From Open Problems in Sublinear Algorithms
Jump to: navigation, search
Suggested by Graham Cormode
Source Kanpur 2006
Short link

The problem of tracking the quantiles (median and generalizations thereof) of a distribution produced by a stream has attracted significant study over the last decade [MankuRL-98,MankuRL-99,GreenwaldK-01,GilbertKMS-02,CormodeM-05,ShrivastavaBAS-04,GuhaM-06]. For deterministic algorithms on insert only streams, two algorithms obtain the best (and incomparable) space bounds: $O(\epsilon^{-1} \log \epsilon N)$ words [GreenwaldK-01] and $O(\epsilon^{-1}\log U )$ words [ShrivastavaBAS-04], where $U$ is the size of the domain from which the input is drawn.

The Greenwald-Khanna algorithm [GreenwaldK-01] is simple to implement, and works on streams of items drawn from arbitrary domains.

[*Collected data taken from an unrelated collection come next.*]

Lemma perm_row_select (s t : 'S_n) (v : starpat q n) :
  perm_row s v = select_cols (nat_perm (s * t^-1)) n (perm_row t v).
Proof.
apply: (@eq_from_nth _ None); first by rewrite !size_map -enumT size_enum_ord size_iota.
rewrite size_map size_enum_ord => j j_lt.
rewrite nth_select_cols // /nat_perm insubT (nth_perm_row s _ (Ordinal j_lt)).
by rewrite nth_perm_row permM permKV.
Qed.
End Cubes.

Section FractalPartitions.
Variables (q m : nat).
Hypothesis q_gt1 : 1 < q.
Local Notation n := (ncols q m).

Definition fractal_cubes (s : 'S_n) : {set {set point q n}} :=
  [set cube v | v : starpat q n & perm_row s v \in Mfrac q m].

Lemma fractal_cubesP s B :
  reflect (exists2 v, perm_row s v \in Mfrac q m & B = cube v) (B \in fractal_cubes s).
Proof. by apply: (iffP imsetP) => -[v]; rewrite ?inE => v_in ->; exists v; rewrite ?inE. Qed.

Lemma perm_row_Mfrac s r : r \in Mfrac q m -> exists v : starpat q n, perm_row s v = r.
Proof. by move=> r_in; apply: perm_row_surj (size_Mfrac q_gt1 r_in) (Mfrac_lt q_gt1 r_in). Qed.

Lemma Mfrac_cube_cover s (x : point q n) : exists2 v, perm_row s v \in Mfrac q m & x \in cube v.
Proof.
have [r r_in r_x] := Mfrac_matching q_gt1 (size_point_row s x) (point_row_lt s x).
by have [v vE] := perm_row_Mfrac s r_in; exists v; rewrite ?(mem_cube_matches s) vE.
Qed.

Lemma Mfrac_cube_uniq s (v1 v2 : starpat q n) x :
  perm_row s v1 \in Mfrac q m -> perm_row s v2 \in Mfrac q m ->
  x \in cube v1 -> x \in cube v2 -> v1 = v2.
Proof.
rewrite !(mem_cube_matches s) => v1_in v2_in x1 x2; apply: (@perm_row_inj q n s).
exact: (Mfrac_matching_uniq q_gt1 (size_point_row s x) (point_row_lt s x) v1_in v2_in x1 x2).
Qed.

Lemma fractal_cubes_partition s : partition (fractal_cubes s) [set: point q n].
Proof.
apply/and3P; split.
- apply/eqP/setP => x; rewrite inE; apply/bigcupP.
  have [v v_in x_v] := Mfrac_cube_cover s x.
  by exists (cube v) => //; apply/fractal_cubesP; exists v.
- apply/trivIsetP => _ _ /fractal_cubesP[v1 v1_in ->] /fractal_cubesP[v2 v2_in ->] v1_v2.
  rewrite disjoint_subset; apply/subsetP => x x1; rewrite inE; apply/negP => x2.
  by rewrite (Mfrac_cube_uniq v1_in v2_in x1 x2) eqxx in v1_v2.
- apply/negP => /fractal_cubesP[v _ /setP/(_ [ffun i => odflt (Ordinal (ltnW q_gt1)) (v i)])].
  by rewrite inE fill_in_cube.
Qed.

Lemma fractal_cubes_subcubes s : [forall B in fractal_cubes s, is_subcube B].
Proof. by apply/forall_inP => _ /fractal_cubesP[v _ ->]; apply/existsP; exists v. Qed.

Lemma fractal_cubes_fractal s : fractal_partition m (fractal_cubes s).
Proof.
apply/existsP; exists s; apply: uniq_perm; rewrite ?Mfrac_uniq //.
  rewrite map_inj_in_uniq ?enum_uniq // => B1 B2.
  rewrite !mem_enum => /fractal_cubesP[v1 _ ->] /fractal_cubesP[v2 _ ->].
  by rewrite !star_pattern_cube // => /perm_row_inj ->.
move=> r; apply/mapP/idP => [[B] | r_in].
  by rewrite mem_enum => /fractal_cubesP[v v_in ->] ->; rewrite star_pattern_cube.
have [v vE] := perm_row_Mfrac s r_in; exists (cube v); last by rewrite star_pattern_cube.
by rewrite mem_enum; apply/fractal_cubesP; exists v; rewrite ?vE.
Qed.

However, the analysis is rather involved; moreover, attempts to modify the analysis for different situations (say, weighted input items, merging summaries together, giving different guarantees to different ranges etc.) lead to heuristics at best, which may no longer have strict guarantees and known bad cases. The $q$-digest algorithm [ShrivastavaBAS-04] is much simpler to analyze and more amenable to variations, meaning that several generalizations and alternatives have been proposed [HershbergerSST-04,CormodeKMS-06]. However, it carries with it a factor of $\log U$, meaning that the universe has to be known, making it impractical for tracking quantiles over streams of floating point values, or strings.

This leads to some interlinked open questions:

  1. What is the optimal space bound for an algorithm to compute quantiles of a data stream? Is $O(\epsilon^{-1})$ words achievable?
  2. Can the Greenwald-Khanna algorithm, or a variation thereof, submit to a simpler analysis which will allow generalizations of the algorithm to be more easily proposed and studied?